═════ Data

(* Let $F$ be a field of characteristic zero and let $A$ be a $\#$-superalgebra over $F$. Then for every $n\geq 1$, $$c_n^{grs}(A)\leq 4^n c_n(A).$$
   Context: All algebras are associative over $F$. A superalgebra is $A=A_0\oplus A_1$ with $A_iA_j\subseteq A_{(i+j)\bmod 2}$; $\deg a=i$ for $0\ne a\in A_i$. A superinvolution is an $F$-linear map $\#:A\to A$ with $A_i^\#\subseteq A_i$, $(c^\#)^\#=c$ and $(ab)^\#=(-1)^{\deg a\deg b}b^\#a^\#$ for homogeneous $a,b$; a graded involution is an $F$-linear map $\#$ with $A_i^\#\subseteq A_i$, $(c^\#)^\#=c$, $(ab)^\#=b^\#a^\#$. A $\#$-superalgebra is a superalgebra with a superinvolution or a graded involution $\#$. Put $A_i^{+}=\{a\in A_i:a^\#=a\}$, $A_i^-=\{a\in A_i:a^\#=-a\}$. Let $\mathcal F$ be the free non-unital associative algebra on $X=Y_0\cup Z_0\cup Y_1\cup Z_1$, $Y_i=\{y_{i,1},y_{i,2},\dots\}$, $Z_i=\{z_{i,1},z_{i,2},\dots\}$, where variables in $Y_i\cup Z_i$ have $\mathbb Z_2$-degree $i$, and $\#$ is defined by $y_{i,j}^\#=y_{i,j}$, $z_{i,j}^\#=-z_{i,j}$ and, on monomials, $(x_{i_1}\cdots x_{i_k})^\#=(-1)^{s(s-1)/2}x_{i_k}^\#\cdots x_{i_1}^\#$ ($s$ = number of odd variables) in the superinvolution case, resp. $(x_{i_1}\cdots x_{i_k})^\#=x_{i_k}^\#\cdots x_{i_1}^\#$ in the graded involution case, extended linearly. A polynomial $f\in\mathcal F$ is a $\#$-superidentity of $A$ if it vanishes under every substitution of variables $y_{0,j},z_{0,j},y_{1,j},z_{1,j}$ by elements of $A_0^+,A_0^-,A_1^+,A_1^-$ respectively; $Id_2^\#(A)$ is the set of these. $P_n^{grs}$ is the span of all monomials $w_{\sigma(1)}\cdots w_{\sigma(n)}$, $\sigma\in S_n$, $w_i\in\{y_{0,i},z_{0,i},y_{1,i},z_{1,i}\}$, and $c_n^{grs}(A)=\dim P_n^{grs}/(P_n^{grs}\cap Id_2^\#(A))$. $P_n$ is the space of ordinary multilinear polynomials in $x_1,\dots,x_n$, $Id(A)$ the ordinary polynomial identities of $A$, and $c_n(A)=\dim P_n/(P_n\cap Id(A))$. *)

From HB Require Import structures.
From mathcomp Require Import all_boot all_order all_algebra all_fingroup.
From mathcomp Require Import boolp.
Set Implicit Arguments. Unset Strict Implicit. Unset Printing Implicit Defensive.
Import Order.TTheory GRing.Theory Num.Theory.
Local Open Scope ring_scope.

Section Defs.
Variable F : fieldType.

(* quotient dimension dim (V / W) where V = functions I -> F (finite basis I,
   so V = F^I) and W is a subspace given as a predicate:
   the largest m such that there are m vectors of V linearly independent
   modulo W. *)
Definition indep_mod (I : finType) (W : (I -> F) -> Prop) (m : nat) : Prop :=
  exists v : 'I_m -> I -> F,
    forall c : 'I_m -> F,
      W (fun x => \sum_(i < m) c i * v i x) -> forall i, c i = 0.

Definition quot_dim (I : finType) (W : (I -> F) -> Prop) : nat :=
  (\max_(m < #|I|.+1 | `[< indep_mod W m >]) nat_of_ord m)%N.

Variable A : lmodType F.

Definition is_assoc_algebra (mul : A -> A -> A) : Prop :=
  [/\ forall (k : F) a b c, mul (k *: a + b) c = k *: mul a c + mul b c,
      forall (k : F) a b c, mul a (k *: b + c) = k *: mul a b + mul a c
    & forall a b c, mul a (mul b c) = mul (mul a b) c].

Fixpoint mprod (mul : A -> A -> A) (s : seq A) : A :=
  match s with
  | [::] => 0
  | [:: a] => a
  | a :: t => mul a (mprod mul t)
  end.

Definition subspace (P : A -> Prop) : Prop :=
  P 0 /\ forall (k : F) a b, P a -> P b -> P (k *: a + b).

Definition comp (A0 A1 : A -> Prop) (i : bool) : A -> Prop :=
  if i then A1 else A0.

(* A = A_0 (+) A_1 is a superalgebra; sh is a superinvolution (super = true)
   or a graded involution (super = false). *)
Definition is_sharp_superalgebra (mul : A -> A -> A) (A0 A1 : A -> Prop)
    (sh : A -> A) (super : bool) : Prop :=
  [/\ is_assoc_algebra mul,
      subspace A0 /\ subspace A1 /\
      ((forall a, exists a0 a1, [/\ A0 a0, A1 a1 & a = a0 + a1]) /\
      (forall a, A0 a -> A1 a -> a = 0)),
      (forall i j a b, comp A0 A1 i a -> comp A0 A1 j b ->
                       comp A0 A1 (i (+) j) (mul a b)),
      (forall (k : F) a b, sh (k *: a + b) = k *: sh a + sh b) /\
      (forall i a, comp A0 A1 i a -> comp A0 A1 i (sh a)) /\
      (forall a, sh (sh a) = a)
    & if super then
        forall i j a b, comp A0 A1 i a -> comp A0 A1 j b ->
          sh (mul a b) = (-1) ^+ (i && j) *: mul (sh b) (sh a)
      else forall a b, sh (mul a b) = mul (sh b) (sh a)].

(* ordinary multilinear polynomials: f = sum_s f(s) x_{s(0)} ... x_{s(n-1)} *)
Definition eval_P (n : nat) (mul : A -> A -> A) (f : 'S_n -> F)
    (x : 'I_n -> A) : A :=
  \sum_(s : 'S_n) f s *: mprod mul [seq x (s i) | i <- enum 'I_n].

Definition is_id_P (n : nat) (mul : A -> A -> A) (f : 'S_n -> F) : Prop :=
  forall x : 'I_n -> A, eval_P mul f x = 0.

Definition codim (n : nat) (mul : A -> A -> A) : nat :=
  quot_dim (fun f : 'S_n -> F => is_id_P mul f).

(* graded-involution/super variables: kind 0 = y_0 (A_0^+), 1 = z_0 (A_0^-),
   2 = y_1 (A_1^+), 3 = z_1 (A_1^-). *)
Definition kind_set (A0 A1 : A -> Prop) (sh : A -> A) (k : 'I_4) : A -> Prop :=
  fun a => (if (k < 2)%N then A0 a else A1 a) /\
           sh a = (if odd k then - a else a).

(* P_n^grs: basis monomials w_{s(0)} ... w_{s(n-1)} indexed by (s, t) with
   w_i the variable of kind t(i) and index i. *)
Definition grs_index (n : nat) := ('S_n * {ffun 'I_n -> 'I_4})%type.

Definition eval_Pgrs (n : nat) (mul : A -> A -> A) (f : grs_index n -> F)
    (x : 'I_4 -> 'I_n -> A) : A :=
  \sum_(p : grs_index n)
     f p *: mprod mul [seq x (p.2 (p.1 i)) (p.1 i) | i <- enum 'I_n].

Definition is_id_Pgrs (n : nat) (mul : A -> A -> A) (A0 A1 : A -> Prop)
    (sh : A -> A) (f : grs_index n -> F) : Prop :=
  forall x : 'I_4 -> 'I_n -> A,
    (forall k i, kind_set A0 A1 sh k (x k i)) -> eval_Pgrs mul f x = 0.

Definition codim_grs (n : nat) (mul : A -> A -> A) (A0 A1 : A -> Prop)
    (sh : A -> A) : nat :=
  quot_dim (fun f : grs_index n -> F => is_id_Pgrs mul A0 A1 sh f).

End Defs.

(* P_n^grs is the direct sum, over the 4^n ways t of assigning one of the four
   kinds y_0, z_0, y_1, z_1 to the variables, of copies of P_n.  Substituting
   the variables of kind t(i) into an ordinary multilinear identity keeps it an
   identity, so the copy of P_n \cap Id(A) sits inside Id_2^#(A) in every
   component.  Hence c_n(A) representatives of P_n modulo Id(A), placed in each
   of the 4^n components, span P_n^grs modulo Id_2^#(A). *)

From HB Require Import structures.
From mathcomp Require Import all_boot all_order all_algebra all_fingroup.
From mathcomp Require Import boolp.
Import GRing.Theory.
Set Implicit Arguments. Unset Strict Implicit. Unset Printing Implicit Defensive.
Local Open Scope ring_scope.

Lemma big_pairE (R : Type) (idx : R) (op : Monoid.com_law idx) (I J : finType)
    (G : I * J -> R) :
  \big[op/idx]_p G p = \big[op/idx]_i \big[op/idx]_j G (i, j).
Proof. by rewrite pair_bigA; apply: eq_bigr => -[]. Qed.

Section QuotientDimension.
Variables (F : fieldType) (I : finType) (W : (I -> F) -> Prop).

Definition lincomb_closed : Prop :=
  forall (J : finType) (c : J -> F) (f : J -> I -> F),
    (forall j, W (f j)) -> W (fun x => \sum_j c j * f j x).

Definition spans_mod (J : finType) (w : J -> I -> F) : Prop :=
  forall f, exists a : J -> F, W (fun x => f x - \sum_j a j * w j x).

Hypothesis closedW : lincomb_closed.

Lemma lincomb_closed0 : W (fun _ => 0).
Proof.
have /closedW : forall j : 'I_0, W (fun _ => 0) by case.
by move/(_ (fun _ => 0)); congr W; apply: funext => x; rewrite big_ord0.
Qed.

Lemma exists_nonzero_left_kernel m k (M : 'M[F]_(m, k)) :
  (k < m)%N -> exists2 c : 'rV_m, c != 0 & c *m M = 0.
Proof.
move=> lt_km; have : kermx M != 0.
  rewrite kermx_eq0 /row_free; apply/negP => /eqP rkM.
  by move: (rank_leq_col M); rewrite rkM leqNgt lt_km.
by case/rowV0Pn => c /sub_kermxP cM nz_c; exists c.
Qed.

Lemma indep_mod_le_span (J : finType) (w : J -> I -> F) m :
  spans_mod w -> indep_mod W m -> (m <= #|J|)%N.
Proof.
move=> /choice[coef spanW] [v indep_v]; rewrite leqNgt; apply/negP.
pose M : 'M[F]_(m, #|J|) := \matrix_(i, j) coef (v i) (enum_val j).
move=> /(exists_nonzero_left_kernel M)[c /eqP nz_c cM]; apply: nz_c.
have coef_cancel j : \sum_i c ord0 i * coef (v i) j = 0.
  move/rowP/(_ (enum_rank j)): cM; rewrite !mxE => cMj; rewrite -[RHS]cMj.
  by apply: eq_bigr => i _; rewrite mxE enum_rankK.
have Wc : W (fun x => \sum_i c ord0 i * v i x).
  have := closedW (fun i => c ord0 i) (fun i => spanW (v i)).
  congr W; apply: funext => x; under eq_bigr do rewrite mulrBr.
  rewrite sumrB -[RHS]subr0; congr (_ - _).
  under eq_bigr do rewrite mulr_sumr; rewrite exchange_big big1 // => j _.
  under eq_bigr do rewrite mulrA; by rewrite -mulr_suml coef_cancel mul0r.
by apply/rowP => i; rewrite mxE; exact: (indep_v (fun i => c ord0 i) Wc).
Qed.

Lemma indep_mod_le_card m : indep_mod W m -> (m <= #|I|)%N.
Proof.
apply: (@indep_mod_le_span _ (fun j x => (j == x)%:R)) => f; exists f.
move: lincomb_closed0; congr W; apply: funext => x.
rewrite (bigD1 x) //= eqxx mulr1 big1 ?addr0 ?subrr // => j /negbTE ->.
by rewrite mulr0.
Qed.

Lemma quot_dim_le_span (J : finType) (w : J -> I -> F) :
  spans_mod w -> (quot_dim W <= #|J|)%N.
Proof.
move=> spanW; apply/bigmax_leqP => m /asboolP.
exact: indep_mod_le_span.
Qed.

Lemma max_indep_mod_spans c (u : 'I_c -> I -> F) :
  (forall a, W (fun x => \sum_j a j * u j x) -> forall j, a j = 0) ->
  ~ indep_mod W c.+1 -> spans_mod u.
Proof.
move=> indep_u not_indep f.
pose v (i : 'I_c.+1) := if unlift ord_max i is Some j then u j else f.
have [a [Wa [i nz_ai]]] : exists a : 'I_c.+1 -> F,
    W (fun x => \sum_i a i * v i x) /\ exists i, a i != 0.
  apply: contrapT => none; apply: not_indep; exists v => a Wa i.
  apply/eqP/contraT => nz_ai; exfalso.
  by apply: none; exists a; split; last exists i.
have va x : \sum_i a i * v i x =
    a ord_max * f x + \sum_j a (lift ord_max j) * u j x.
  by rewrite (bigD1_ord ord_max) //= /v unlift_none; under eq_bigr do rewrite liftK.
have [b0|nz_b] := eqVneq (a ord_max) 0.
  have Wu : W (fun x => \sum_j a (lift ord_max j) * u j x).
    by move: Wa; congr W; apply: funext => x; rewrite va b0 mul0r add0r.
  move: nz_ai; case: (unliftP ord_max i) => [j ->|->]; last by rewrite b0 eqxx.
  by rewrite (indep_u _ Wu j) eqxx.
exists (fun j => - (a (lift ord_max j) / a ord_max)).
have := closedW (fun _ : 'I_1 => (a ord_max)^-1) (fun _ => Wa).
congr W; apply: funext => x; rewrite big_ord1 va mulrDr mulrA mulVf // mul1r.
rewrite mulr_sumr -sumrN; congr (_ + _); apply: eq_bigr => j _.
by rewrite mulNr opprK mulrA [_^-1 * _]mulrC.
Qed.

Lemma indep_mod_le_quot_dim m : indep_mod W m -> (m <= quot_dim W)%N.
Proof.
move=> indep_m; have lt_m : (m < #|I|.+1)%N by rewrite ltnS indep_mod_le_card.
by apply: (leq_bigmax_cond (Ordinal lt_m)); apply/asboolP.
Qed.

Lemma quot_dim_spans : exists u : 'I_(quot_dim W) -> I -> F, spans_mod u.
Proof.
have indep0 : (0 < #|[pred m : 'I_#|I|.+1 | `[< indep_mod W m >]]|)%N.
  apply/card_gt0P; exists ord0; rewrite inE; apply/asboolP.
  by exists (fun _ _ => 0) => ? _ [].
have [m /[!inE] /asboolP[u indep_u] dimE] := eq_bigmax_cond val indep0.
have dimW : quot_dim W = m := dimE.
rewrite dimW; exists u; apply: max_indep_mod_spans => // /indep_mod_le_quot_dim.
by rewrite dimW ltnn.
Qed.

End QuotientDimension.

Section GradedComponents.
Variables (F : fieldType) (A : lmodType F) (mul : A -> A -> A) (n : nat).
Variables (A0 A1 : A -> Prop) (sh : A -> A).

Lemma eval_P_lincomb (J : finType) (c : J -> F) (f : J -> 'S_n -> F) x :
  eval_P mul (fun s => \sum_j c j * f j s) x = \sum_j c j *: eval_P mul (f j) x.
Proof.
rewrite /eval_P; under eq_bigr do rewrite scaler_suml.
rewrite exchange_big; apply: eq_bigr => j _; rewrite scaler_sumr.
by apply: eq_bigr => s _; rewrite scalerA.
Qed.

Lemma eval_Pgrs_lincomb (J : finType) (c : J -> F) (f : J -> grs_index n -> F) x :
  eval_Pgrs mul (fun p => \sum_j c j * f j p) x =
  \sum_j c j *: eval_Pgrs mul (f j) x.
Proof.
rewrite /eval_Pgrs; under eq_bigr do rewrite scaler_suml.
rewrite exchange_big; apply: eq_bigr => j _; rewrite scaler_sumr.
by apply: eq_bigr => p _; rewrite scalerA.
Qed.

Lemma lincomb_closed_id_P : lincomb_closed (@is_id_P F A n mul).
Proof.
move=> J c f id_f x; rewrite eval_P_lincomb big1 // => j _.
by rewrite id_f scaler0.
Qed.

Lemma lincomb_closed_id_Pgrs : lincomb_closed (@is_id_Pgrs F A n mul A0 A1 sh).
Proof.
move=> J c f id_f x kind_x; rewrite eval_Pgrs_lincomb big1 // => j _.
by rewrite id_f // scaler0.
Qed.

Definition grs_component (t : {ffun 'I_n -> 'I_4}) (g : 'S_n -> F) :
    grs_index n -> F :=
  fun p => if p.2 == t then g p.1 else 0.

Lemma eval_Pgrs_component t g x :
  eval_Pgrs mul (grs_component t g) x = eval_P mul g (fun i => x (t i) i).
Proof.
rewrite /eval_Pgrs big_pairE; apply: eq_bigr => s _.
rewrite (bigD1 t) //= big1 ?addr0; first by rewrite /grs_component /= eqxx.
by move=> t' /negbTE neq_t; rewrite /grs_component /= neq_t scale0r.
Qed.

Lemma id_Pgrs_component t g :
  is_id_P mul g -> is_id_Pgrs mul A0 A1 sh (grs_component t g).
Proof. by move=> id_g x _; rewrite eval_Pgrs_component id_g. Qed.

Lemma grs_component_lincomb t (J : finType) (a : J -> F) (g : J -> 'S_n -> F) p :
  \sum_j a j * grs_component t (g j) p =
  grs_component t (fun s => \sum_j a j * g j s) p.
Proof.
by rewrite /grs_component; case: ifP => // _; rewrite big1 // => j _; rewrite mulr0.
Qed.

Lemma sum_grs_component (g : {ffun 'I_n -> 'I_4} -> 'S_n -> F) p :
  \sum_t grs_component t (g t) p = g p.2 p.1.
Proof.
rewrite (bigD1 p.2) //= /grs_component eqxx big1 ?addr0 // => t.
by rewrite eq_sym => /negbTE ->.
Qed.

Lemma grs_component_spans (J : finType) (u : J -> 'S_n -> F) :
  spans_mod (@is_id_P F A n mul) u ->
  spans_mod (@is_id_Pgrs F A n mul A0 A1 sh)
    (fun q : {ffun 'I_n -> 'I_4} * J => grs_component q.1 (u q.2)).
Proof.
move=> span_u f.
have [a id_a] := fin_all_exists (fun t => span_u (fun s => f (s, t))).
exists (fun q => a q.1 q.2).
have := lincomb_closed_id_Pgrs (fun _ => 1) (fun t => id_Pgrs_component t (id_a t)).
congr is_id_Pgrs; apply: funext => -[s t].
under eq_bigr do rewrite mul1r; rewrite sum_grs_component /=; congr (_ - _).
rewrite big_pairE /=.
by under [RHS]eq_bigr do rewrite grs_component_lincomb; rewrite sum_grs_component.
Qed.

End GradedComponents.

Theorem lemma2p2 (F : fieldType) (A : lmodType F) (mul : A -> A -> A)
    (A0 A1 : A -> Prop) (sh : A -> A) (super : bool) :
  [pchar F] =i pred0 ->
  is_sharp_superalgebra mul A0 A1 sh super ->
  forall n : nat, (1 <= n)%N ->
    (codim_grs n mul A0 A1 sh <= 4 ^ n * codim n mul)%N.
Proof.
move=> _ _ n _.
have [u span_u] := quot_dim_spans (@lincomb_closed_id_P F A mul n).
have := quot_dim_le_span (@lincomb_closed_id_Pgrs F A mul n A0 A1 sh)
  (grs_component_spans A0 A1 sh span_u).
by rewrite card_prod card_ffun !card_ord.
Qed.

══════════

About this exercise:
From the records above, print exactly the lines that run from the line with "by apply: eq_bigr => i" to the line with "have [b0|nz_b] := eqVneq (a ord_max) 0.", inclusive.

Problem solution:
  by apply: eq_bigr => i _; rewrite mxE enum_rankK.
have Wc : W (fun x => \sum_i c ord0 i * v i x).
  have := closedW (fun i => c ord0 i) (fun i => spanW (v i)).
  congr W; apply: funext => x; under eq_bigr do rewrite mulrBr.
  rewrite sumrB -[RHS]subr0; congr (_ - _).
  under eq_bigr do rewrite mulr_sumr; rewrite exchange_big big1 // => j _.
  under eq_bigr do rewrite mulrA; by rewrite -mulr_suml coef_cancel mul0r.
by apply/rowP => i; rewrite mxE; exact: (indep_v (fun i => c ord0 i) Wc).
Qed.

Lemma indep_mod_le_card m : indep_mod W m -> (m <= #|I|)%N.
Proof.
apply: (@indep_mod_le_span _ (fun j x => (j == x)%:R)) => f; exists f.
move: lincomb_closed0; congr W; apply: funext => x.
rewrite (bigD1 x) //= eqxx mulr1 big1 ?addr0 ?subrr // => j /negbTE ->.
by rewrite mulr0.
Qed.

Lemma quot_dim_le_span (J : finType) (w : J -> I -> F) :
  spans_mod w -> (quot_dim W <= #|J|)%N.
Proof.
move=> spanW; apply/bigmax_leqP => m /asboolP.
exact: indep_mod_le_span.
Qed.

Lemma max_indep_mod_spans c (u : 'I_c -> I -> F) :
  (forall a, W (fun x => \sum_j a j * u j x) -> forall j, a j = 0) ->
  ~ indep_mod W c.+1 -> spans_mod u.
Proof.
move=> indep_u not_indep f.
pose v (i : 'I_c.+1) := if unlift ord_max i is Some j then u j else f.
have [a [Wa [i nz_ai]]] : exists a : 'I_c.+1 -> F,
    W (fun x => \sum_i a i * v i x) /\ exists i, a i != 0.
  apply: contrapT => none; apply: not_indep; exists v => a Wa i.
  apply/eqP/contraT => nz_ai; exfalso.
  by apply: none; exists a; split; last exists i.
have va x : \sum_i a i * v i x =
    a ord_max * f x + \sum_j a (lift ord_max j) * u j x.
  by rewrite (bigD1_ord ord_max) //= /v unlift_none; under eq_bigr do rewrite liftK.
have [b0|nz_b] := eqVneq (a ord_max) 0.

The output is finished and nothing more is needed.